Cak Nun menekankan pentingnya niat di balik suatu amalan baru. Jika tujuan dari inovasi tersebut adalah untuk membawa kebaikan, meningkatkan pemahaman agama, dan memperkuat iman umat, maka hal itu bisa dianggap positif. “Bid’ah yang baik adalah yang mendatangkan maslahat, membawa pada kebaikan dan kedekatan kepada Allah,” ujar Cak Nun dalam salah satu ceramahnya .
Dalam konteks modern yang penuh dengan perubahan dan tantangan baru, Cak Nun mengajak umat Islam untuk tidak kaku dalam menilai amalan-amalan yang dianggap sebagai bid'ah. Ia melihat fleksibilitas dalam penafsiran sebagai sesuatu yang penting agar ajaran Islam tetap relevan dan bisa memberikan solusi bagi permasalahan kontemporer. “Kita hidup di zaman yang berubah, dan ajaran agama harus bisa menyesuaikan tanpa menghilangkan esensinya,” tuturnya .
Cak Nun mengajak kita untuk memandang bid'ah dari perspektif manfaat dan relevansi, bukan semata-mata berdasarkan apakah itu dilakukan di zaman Nabi atau tidak. Ia percaya bahwa selama amalan tersebut membawa kebaikan dan tidak bertentangan dengan prinsip dasar agama, maka itu bisa diterima.
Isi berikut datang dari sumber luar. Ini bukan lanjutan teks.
(* In the M/M/1 setting below, $\mathrm{SW}^P_{opt}\le\mathrm{SW}^C_{opt}=\mathrm{SW}^S_{opt}$ holds in each of the following cases: (i) $\xi(0)\ge\bar\lambda$; (ii) $\xi(0)<\bar\lambda$ and $\lambda_{\max}\le(1+\epsilon)\lambda$, where $\epsilon=\sqrt{C/(R\mu)}$.
   Context: Setting: an M/M/1 queue with true (deterministic) Poisson arrival rate $\lambda>0$ and exponential service times with rate $\mu$, so $W(x)=1/(\mu-x)$ for $x\in[0,\mu)$. Each served customer receives reward $R$, pays fee $p$ (a transfer payment from the social optimizer's viewpoint), and incurs waiting cost $C>0$ per unit time, with $R>C/\mu$. Customers' beliefs about the arrival rate are described by a non-degenerate nonnegative random variable $\Lambda$ whose support has minimum $\lambda_{\min}$ and maximum $\lambda_{\max}$, with $0\le\lambda_{\min}<\lambda<\lambda_{\max}<\mu$. For $0\le p<R-C/\mu$, $\xi(p)=\mu-C/(R-p)$ (so $\xi(0)=\mu-C/R$). Let $\bar\lambda=\mu-1/\mathbb{E}[1/(\mu-\Lambda)]$. Joining probabilities: classical $q^C(p)=\min\{\xi(p)/\lambda,1\}$; shared belief $q^S(p)=1$ if $C\,\mathbb{E}[W(\Lambda)]\le R-p$, otherwise the unique $q\in[0,1)$ with $C\,\mathbb{E}[W(q\Lambda)]=R-p$; private belief $Q(p)=\min\{\xi(p)/\Lambda,1\}$. Social welfare rates: $\mathrm{SW}^C(p)=\lambda q^C(p)\,(R-C\,W(\lambda q^C(p)))$, $\mathrm{SW}^S(p)=\lambda q^S(p)\,(R-C\,W(\lambda q^S(p)))$, $\mathrm{SW}^P(p)=\mathbb{E}[\lambda Q(p)\,(R-C\,W(\lambda Q(p)))]$. Optimal values: $\mathrm{SW}^X_{opt}=\sup_{0\le p<R-C/\mu}\mathrm{SW}^X(p)$ for $X\in\{C,S,P\}$. *)

From HB Require Import structures.
From mathcomp Require Import all_boot all_order all_algebra.
From mathcomp Require Import all_classical all_reals all_analysis.
Set Implicit Arguments. Unset Strict Implicit. Unset Printing Implicit Defensive.
Import Order.TTheory GRing.Theory Num.Theory.
Import numFieldNormedType.Exports.
Local Open Scope classical_set_scope.
Local Open Scope ring_scope.

Section mm1.
Context {R : realType} {d : measure_display} {T : measurableType d}.
Variable P : probability T R.

(* Expected sojourn time W(x) = 1/(mu - x) in an M/M/1 queue *)
Definition W (mu x : R) : R := (mu - x)^-1.

Definition xi (mu Rw C p : R) : R := mu - C / (Rw - p).

Definition lbar (mu : R) (L : T -> R) : R :=
  mu - (fine ('E_P[fun w => W mu (L w)]))^-1.

Definition rv_support (L : T -> R) : set R :=
  [set x | forall e : R, 0 < e -> (0 < P [set w | (`|L w - x| < e)%R])%E].

Definition qC (lam mu Rw C p : R) : R := Order.min (xi mu Rw C p / lam) 1.

Definition qS (L : T -> R) (mu Rw C p : R) : R :=
  if `[< (C%:E * 'E_P[fun w => W mu (L w)] <= (Rw - p)%:E)%E >] then 1
  else xget 0 [set q : R | 0 <= q < 1 /\
                 (C%:E * 'E_P[fun w => W mu (q * L w)] = (Rw - p)%:E)%E].

(* private belief joining probability Q(p) = min{xi(p)/Lambda, 1}
   (equal to 1 when Lambda <= xi(p), in particular when Lambda = 0) *)
Definition Qp (L : T -> R) (mu Rw C p : R) (w : T) : R :=
  if L w <= xi mu Rw C p then 1 else xi mu Rw C p / L w.

Definition SW_C (lam mu Rw C p : R) : \bar R :=
  (lam * qC lam mu Rw C p * (Rw - C * W mu (lam * qC lam mu Rw C p)))%:E.

Definition SW_S (L : T -> R) (lam mu Rw C p : R) : \bar R :=
  (lam * qS L mu Rw C p * (Rw - C * W mu (lam * qS L mu Rw C p)))%:E.

Definition SW_P (L : T -> R) (lam mu Rw C p : R) : \bar R :=
  'E_P[fun w => lam * Qp L mu Rw C p w * (Rw - C * W mu (lam * Qp L mu Rw C p w))].

Definition SWopt (SW : R -> \bar R) (mu Rw C : R) : \bar R :=
  ereal_sup [set SW p | p in [set p : R | 0 <= p < Rw - C / mu]].

End mm1.

From HB Require Import structures.
From mathcomp Require Import all_boot all_order all_algebra.
From mathcomp Require Import all_classical all_reals all_analysis.
From mathcomp Require Import ring lra measurable_realfun.
Import Order.TTheory GRing.Theory Num.Theory.
Import numFieldNormedType.Exports.
Local Open Scope classical_set_scope.
Local Open Scope ring_scope.

(* Every welfare rate has the form welfare(x) = x (R - C W(x)) evaluated at an
   effective arrival rate x = lambda * (joining probability) in [0, lambda], and
   welfare is maximised on [0, lambda] at m = min(lambda, mu - mu eps).  A suitable
   classical fee induces exactly the rate m, so SW^C_opt = welfare(m) >= SW^P_opt.
   Under shared beliefs the fee R - C E[W(q Lambda)] makes q the unique equilibrium,
   uniqueness coming from strict monotonicity of q |-> E[W(q Lambda)] (the law of
   Lambda charges every neighbourhood of lambda_max).  The rate m is reached with
   q = m / lambda as soon as that fee is nonnegative: in case (i) because
   C E[W(Lambda)] <= R is exactly lbar <= xi(0), in case (ii) because
   Lambda <= lambda_max a.s. gives q Lambda <= (1 + eps) m <= mu - C / R. *)

Section support.
Context {R : realType} {d : measure_display} {T : measurableType d}.
Variables (P : probability T R) (L : {RV P >-> R}).

Let measurable_L_itv (i : interval R) : measurable (L @^-1` [set` i]).
Proof. exact: measurable_funPTI (measurable_itv i). Qed.

Let ball_preimage (s e : R) :
  [set w | `|L w - s| < e] = L @^-1` [set` `]s - e, s + e[].
Proof. by apply/seteqP; split => w /=; rewrite in_itv /= distrC ltr_distlC. Qed.

Lemma rv_support_itv (a b : R) : a <= b ->
  (0 < P [set w | (a <= L w <= b)%R])%E -> exists2 s, a <= s <= b & rv_support P L s.
Proof.
move=> ab Pab.
have closed_preimage u v : [set w | u <= L w <= v] = L @^-1` [set` `[u, v]].
  by apply/seteqP; split => w /=; rewrite in_itv.
(* the witness is the largest x for which [x, b] still carries positive mass *)
pose S := [set x | x <= b /\ (0 < P [set w | (x <= L w <= b)%R])%E].
have supS : has_sup S by split; [exists a | exists b => x []].
exists (sup S).
  by rewrite sup_upper_bound //= ge_sup //; [exists a | move=> x []].
move=> e e0; have [x [xb Px] ltx] := sup_adherent e0 supS.
pose A := [set w | (`|L w - sup S| < e)%R].
pose B := [set w | (sup S + e <= L w <= b)%R].
have mA : measurable A by rewrite /A ball_preimage.
have mB : measurable B by rewrite /B closed_preimage.
have PB0 : P B = 0%E.
  have [seb|bse] := leP (sup S + e) b; last first.
    rewrite (_ : B = set0) ?measure0 //; apply/seteqP; split => w //=.
    by move=> /andP[h1 h2]; move: (le_trans h1 h2); rewrite leNgt bse.
  apply/eqP; rewrite eq_le measure_ge0 andbT leNgt; apply/negP => Ppos.
  by have := sup_upper_bound supS (conj seb Ppos); rewrite gerDl leNgt e0.
apply: lt_le_trans Px _; rewrite -[P A]adde0 -PB0.
apply: le_trans (measureU2 P mA mB).
apply: le_measure; rewrite ?inE ?closed_preimage //; first exact: measurableU.
move=> w /= /andP[xL Lb]; rewrite /A /B /=.
have [Lse|seL] := ltP (L w) (sup S + e); [left|right; exact/andP].
by rewrite distrC ltr_distlC Lse andbT (lt_le_trans ltx xL).
Qed.

Lemma rv_support_ub_ae (M : R) : (forall x, rv_support P L x -> x <= M) ->
  P (L @^-1` `]M, +oo[) = 0%E.
Proof.
move=> suppM.
pose B (n : nat) := [set w | (M + n.+1%:R^-1 <= L w <= M + n.+1%:R)%R].
have negB n : P.-negligible (B n).
  have mB : measurable (B n).
    by rewrite (_ : B n = L @^-1` `[M + n.+1%:R^-1, M + n.+1%:R]).
  apply/negligibleP => //; apply/eqP; rewrite eq_le measure_ge0 andbT leNgt.
  apply/negP => PB; have [|s /andP[Ms _] /suppM] := rv_support_itv _ _ _ PB.
    by rewrite lerD2l (@le_trans _ _ 1) ?ler1n // invf_le1 ?ler1n ?ltr0n.
  by apply/negP; rewrite -ltNge (lt_le_trans _ Ms) // ltrDl invr_gt0 ltr0n.
have [N [mN PN BN]] := negligible_bigcup negB.
apply/eqP; rewrite eq_le measure_ge0 andbT -PN le_measure ?inE //.
move=> w /=; rewrite in_itv /= andbT => Mw; apply: BN.
set t := L w - M; have t0 : 0 < t by rewrite subr_gt0.
have := truncnS_gt (t + t^-1); move: (Num.truncn _) => n tn.
have nt : n.+1%:R^-1 < t.
  by rewrite invf_plt ?posrE ?ltr0n //; apply: le_lt_trans tn; rewrite lerDr ltW.
have tn' : t < n.+1%:R by apply: le_lt_trans tn; rewrite lerDl ltW // invr_gt0.
exists n => //; rewrite /B /= -/t.
by move: (n.+1%:R) nt tn' => k; rewrite /t; move: k^-1 => k'; lra.
Qed.

Lemma rv_support_tail (c x : R) : rv_support P L x -> c < x ->
  (0 < P [set w | (c < L w)%R])%E.
Proof.
move=> suppx cx; have xc0 : 0 < x - c by rewrite subr_gt0.
apply: lt_le_trans (suppx _ xc0) _.
apply: le_measure; rewrite ?inE ?ball_preimage //.
  rewrite (_ : [set w | _] = L @^-1` `]c, +oo[) //.
  by apply/seteqP; split => w /=; rewrite in_itv /= andbT.
move=> w /=; rewrite in_itv /= => /andP[+ _]; lra.
Qed.
End support.

Lemma measurable_inv (R : realType) : measurable_fun [set: R] (@GRing.inv R).
Proof.
rewrite -(setvU [set 0]); apply/measurable_funU => //; first exact: measurableC.
split; last exact: measurable_fun_set1.
apply: open_continuous_measurable_fun; first by rewrite openC; exact: closed_eq.
by move=> x /set_mem /eqP x0; exact: inv_continuous.
Qed.

Lemma measurable_W (R : realType) (d : measure_display) (T : measurableType d)
    (mu : R) (g : T -> R) :
  measurable_fun setT g -> measurable_fun setT (fun w => W mu (g w)).
Proof.
move=> mg; apply: (measurableT_comp (measurable_inv R)).
exact: measurable_funB.
Qed.

Section W_monotone.
Context {R : realType}.
Variables (mu : R).

Lemma W_le (x y : R) : x <= y -> y < mu -> W mu x <= W mu y.
Proof.
move=> xy ymu; rewrite /W lef_pV2 ?posrE ?lerD2l ?lerN2 // subr_gt0 //.
exact: le_lt_trans xy ymu.
Qed.

Lemma W_ge0 (x : R) : x < mu -> 0 <= W mu x.
Proof. by move=> xmu; rewrite /W invr_ge0 subr_ge0 ltW. Qed.

Lemma W_sub_ge (x y : R) : 0 <= x <= y -> y < mu ->
  (y - x) / (mu * mu) <= W mu y - W mu x.
Proof.
move=> /andP[x0 xy] ymu; have xmu := le_lt_trans xy ymu.
have mux : 0 < mu - x by rewrite subr_gt0.
have muy : 0 < mu - y by rewrite subr_gt0.
have -> : W mu y - W mu x = (y - x) / ((mu - x) * (mu - y)).
  by rewrite /W; field; rewrite !gt_eqF.
apply: ler_wpM2l; first by rewrite subr_ge0.
rewrite lef_pV2 ?posrE ?mulr_gt0 ?(le_lt_trans x0 xmu) //.
by apply: ler_pM; lra.
Qed.
End W_monotone.

Section bounded_expectation.
Context {R : realType} {d : measure_display} {T : measurableType d}.
Variable P : probability T R.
Pandangan ini memberikan ruang bagi umat untuk beradaptasi dengan perubahan zaman, sekaligus memperkaya praktik keagamaan dengan inovasi yang bermakna dan berfaedah .
Dengan pendekatan yang lebih kontekstual, Cak Nun mendorong pemahaman yang lebih luas dan inklusif, membuka jalan bagi adaptasi ajaran Islam dalam kehidupan modern tanpa kehilangan esensi dan nilai-nilai dasarnya.